Informed Choice - Finding a Massage School

So, I went to massage school 6 years ago. This is not an awfully long time ago, but it is enough time to observe a huge change in the education industry. The three major massage schools in my state have all changed ownership, been sold, or been eaten by a monster company. I have people who ask me where they should go for massage school. Well, I have no idea! When I went to massage school, I looked at massage schools all over the country. Since I was moving, and was not exactly set on where, this was no problem for me. Luckily for normal people, most states have more than one choice of school. Even with many of the schools being owned by the same company, every school is different. The schools philosophy and the individual people who teach there will have the greatest impact on the education you walk away with.
When I started school, I knew I wanted to do something that looked more like treatment/medical massage. Thus, I considered the curriculum of each school, the internships available, AND the cost. I am far from provided for, and some schools require you provide a lot of your own equipment early on. This can get pricey since you have no idea if bamboo fiber sheets are really that much better than flannel, or if you will really use that extra low table feature....ever. Some schools are farther left in the world of natural healing than others. What matters is finding the school that is marching to your own little beat.
This worked out for me.
I picked the school that seemed to focus the most on the treatment of injuries and maintenance of the body. I went through a full year of anatomy, physiology, and knesiology (instead of the 6mo some schools provide). Also, I got to intern at a hospital. These extra learning experiences made all the difference when it came to my confidence in treating clients and my eventual move into training and managing other therapists.

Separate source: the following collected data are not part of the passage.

Theorem proposition10 (A : Type) (phi psi : formula A) (m n : nat) (Hm : 0 < m) :
  (* Until, m > 0 *)
  mht_equiv (Until (itv_co m n) phi psi)
    (And (Eventually (itv_co m n) psi)
         (Always (itv_co 0 m) (Until itv_all phi (And phi (Next itv_all psi))))) /\
  mht_equiv (Until (itv_cc m n) phi psi)
    (And (Eventually (itv_cc m n) psi)
         (Always (itv_co 0 m) (Until itv_all phi (And phi (Next itv_all psi))))) /\
  mht_equiv (Until (itv_oo m n) phi psi)
    (And (Eventually (itv_oo m n) psi)
         (Always (itv_cc 0 m) (Until itv_all phi (And phi (Next itv_all psi))))) /\
  mht_equiv (Until (itv_oc m n) phi psi)
    (And (Eventually (itv_oc m n) psi)
         (Always (itv_cc 0 m) (Until itv_all phi (And phi (Next itv_all psi))))) /\
  (* Until, lower bound 0 *)
  mht_equiv (Until (itv_co 0 n) phi psi)
    (And (Eventually (itv_co 0 n) psi) (Until itv_all phi psi)) /\
  mht_equiv (Until (itv_cc 0 n) phi psi)
    (And (Eventually (itv_cc 0 n) psi) (Until itv_all phi psi)) /\
  mht_equiv (Until (itv_oo 0 n) phi psi)
    (And (Eventually (itv_oo 0 n) psi) (Until itv_all phi (And phi (Next itv_all psi)))) /\
  mht_equiv (Until (itv_oc 0 n) phi psi)
    (And (Eventually (itv_oc 0 n) psi) (Until itv_all phi (And phi (Next itv_all psi)))) /\
  (* Release, m > 0 *)
  mht_equiv (Release (itv_co m n) phi psi)
    (Or (Always (itv_co m n) psi)
        (Eventually (itv_co 0 m) (Release itv_all phi (Or phi (WNext itv_all psi))))) /\
  mht_equiv (Release (itv_cc m n) phi psi)
    (Or (Always (itv_cc m n) psi)
        (Eventually (itv_co 0 m) (Release itv_all phi (Or phi (WNext itv_all psi))))) /\
  mht_equiv (Release (itv_oo m n) phi psi)
    (Or (Always (itv_oo m n) psi)
        (Eventually (itv_cc 0 m) (Release itv_all phi (Or phi (WNext itv_all psi))))) /\
  mht_equiv (Release (itv_oc m n) phi psi)
    (Or (Always (itv_oc m n) psi)
        (Eventually (itv_cc 0 m) (Release itv_all phi (Or phi (WNext itv_all psi))))) /\
  (* Release, lower bound 0 *)
  mht_equiv (Release (itv_co 0 n) phi psi)
    (Or (Always (itv_co 0 n) psi) (Release itv_all phi psi)) /\
  mht_equiv (Release (itv_cc 0 n) phi psi)
    (Or (Always (itv_cc 0 n) psi) (Release itv_all phi psi)) /\
  mht_equiv (Release (itv_oo 0 n) phi psi)
    (Or (Always (itv_oo 0 n) psi) (Release itv_all phi (Or phi (WNext itv_all psi)))) /\
  mht_equiv (Release (itv_oc 0 n) phi psi)
    (Or (Always (itv_oc 0 n) psi) (Release itv_all phi (Or phi (WNext itv_all psi)))) /\
  (* Since, m > 0 *)
  mht_equiv (Since (itv_co m n) phi psi)
    (And (EventuallyBefore (itv_co m n) psi)
         (AlwaysBefore (itv_co 0 m) (Since itv_all phi (And phi (Prev itv_all psi))))) /\
  mht_equiv (Since (itv_cc m n) phi psi)
    (And (EventuallyBefore (itv_cc m n) psi)
         (AlwaysBefore (itv_co 0 m) (Since itv_all phi (And phi (Prev itv_all psi))))) /\
  mht_equiv (Since (itv_oo m n) phi psi)
    (And (EventuallyBefore (itv_oo m n) psi)
         (AlwaysBefore (itv_cc 0 m) (Since itv_all phi (And phi (Prev itv_all psi))))) /\
  mht_equiv (Since (itv_oc m n) phi psi)
    (And (EventuallyBefore (itv_oc m n) psi)
         (AlwaysBefore (itv_cc 0 m) (Since itv_all phi (And phi (Prev itv_all psi))))) /\
  (* Since, lower bound 0 *)
  mht_equiv (Since (itv_co 0 n) phi psi)
    (And (EventuallyBefore (itv_co 0 n) psi) (Since itv_all phi psi)) /\
  mht_equiv (Since (itv_cc 0 n) phi psi)
    (And (EventuallyBefore (itv_cc 0 n) psi) (Since itv_all phi psi)) /\
  mht_equiv (Since (itv_oo 0 n) phi psi)
    (And (EventuallyBefore (itv_oo 0 n) psi) (Since itv_all phi (And phi (Prev itv_all psi)))) /\
  mht_equiv (Since (itv_oc 0 n) phi psi)
    (And (EventuallyBefore (itv_oc 0 n) psi) (Since itv_all phi (And phi (Prev itv_all psi)))) /\
  (* Trigger, m > 0 *)
  mht_equiv (Trigger (itv_co m n) phi psi)
    (Or (AlwaysBefore (itv_co m n) psi)
        (EventuallyBefore (itv_co 0 m) (Trigger itv_all phi (Or phi (WPrev itv_all psi))))) /\
  mht_equiv (Trigger (itv_cc m n) phi psi)
    (Or (AlwaysBefore (itv_cc m n) psi)
        (EventuallyBefore (itv_co 0 m) (Trigger itv_all phi (Or phi (WPrev itv_all psi))))) /\
  mht_equiv (Trigger (itv_oo m n) phi psi)
    (Or (AlwaysBefore (itv_oo m n) psi)
        (EventuallyBefore (itv_cc 0 m) (Trigger itv_all phi (Or phi (WPrev itv_all psi))))) /\
  mht_equiv (Trigger (itv_oc m n) phi psi)
    (Or (AlwaysBefore (itv_oc m n) psi)
        (EventuallyBefore (itv_cc 0 m) (Trigger itv_all phi (Or phi (WPrev itv_all psi))))) /\
  (* Trigger, lower bound 0 *)
  mht_equiv (Trigger (itv_co 0 n) phi psi)
    (Or (AlwaysBefore (itv_co 0 n) psi) (Trigger itv_all phi psi)) /\
  mht_equiv (Trigger (itv_cc 0 n) phi psi)
    (Or (AlwaysBefore (itv_cc 0 n) psi) (Trigger itv_all phi psi)) /\
  mht_equiv (Trigger (itv_oo 0 n) phi psi)
    (Or (AlwaysBefore (itv_oo 0 n) psi) (Trigger itv_all phi (Or phi (WPrev itv_all psi)))) /\
  mht_equiv (Trigger (itv_oc 0 n) phi psi)
    (Or (AlwaysBefore (itv_oc 0 n) psi) (Trigger itv_all phi (Or phi (WPrev itv_all psi)))).
Proof.
  repeat match goal with |- _ /\ _ => split end.
  all: first
    [ apply mht_until_split | apply mht_until_split0_closed
    | apply mht_until_split0_open
    | apply mht_release_split | apply mht_release_split0_closed
    | apply mht_release_split0_open
    | apply mht_since_split | apply mht_since_split0_closed
    | apply mht_since_split0_open
    | apply mht_trigger_split | apply mht_trigger_split0_closed
    | apply mht_trigger_split0_open ].
  all: unfold lower_set, adjoins, in_itv; cbn; repeat split; intros; lia.
Qed.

Another thought to consider beyond what I wanted to do in my practice, was where I wanted to do my practice in ten years. Since massage is not regulated at the national level, every state has its own set of requirements. My way around this was to attend school in a state that had some of the highest standards, that way when I moved again (nomadic much?) I would not be finding myself back in school. Thankfully, there is the National Board Certification which also covers folks who find themselves less rooted.
The truth is, you can find a school almost anywhere. The key is to find YOUR school. Mine, unfortunately, is gone. Sold, then sold again, I can no longer herd seekers that way with confidence. Ah well, in the words of Tori, "all will find its way in time". She probably means us, too.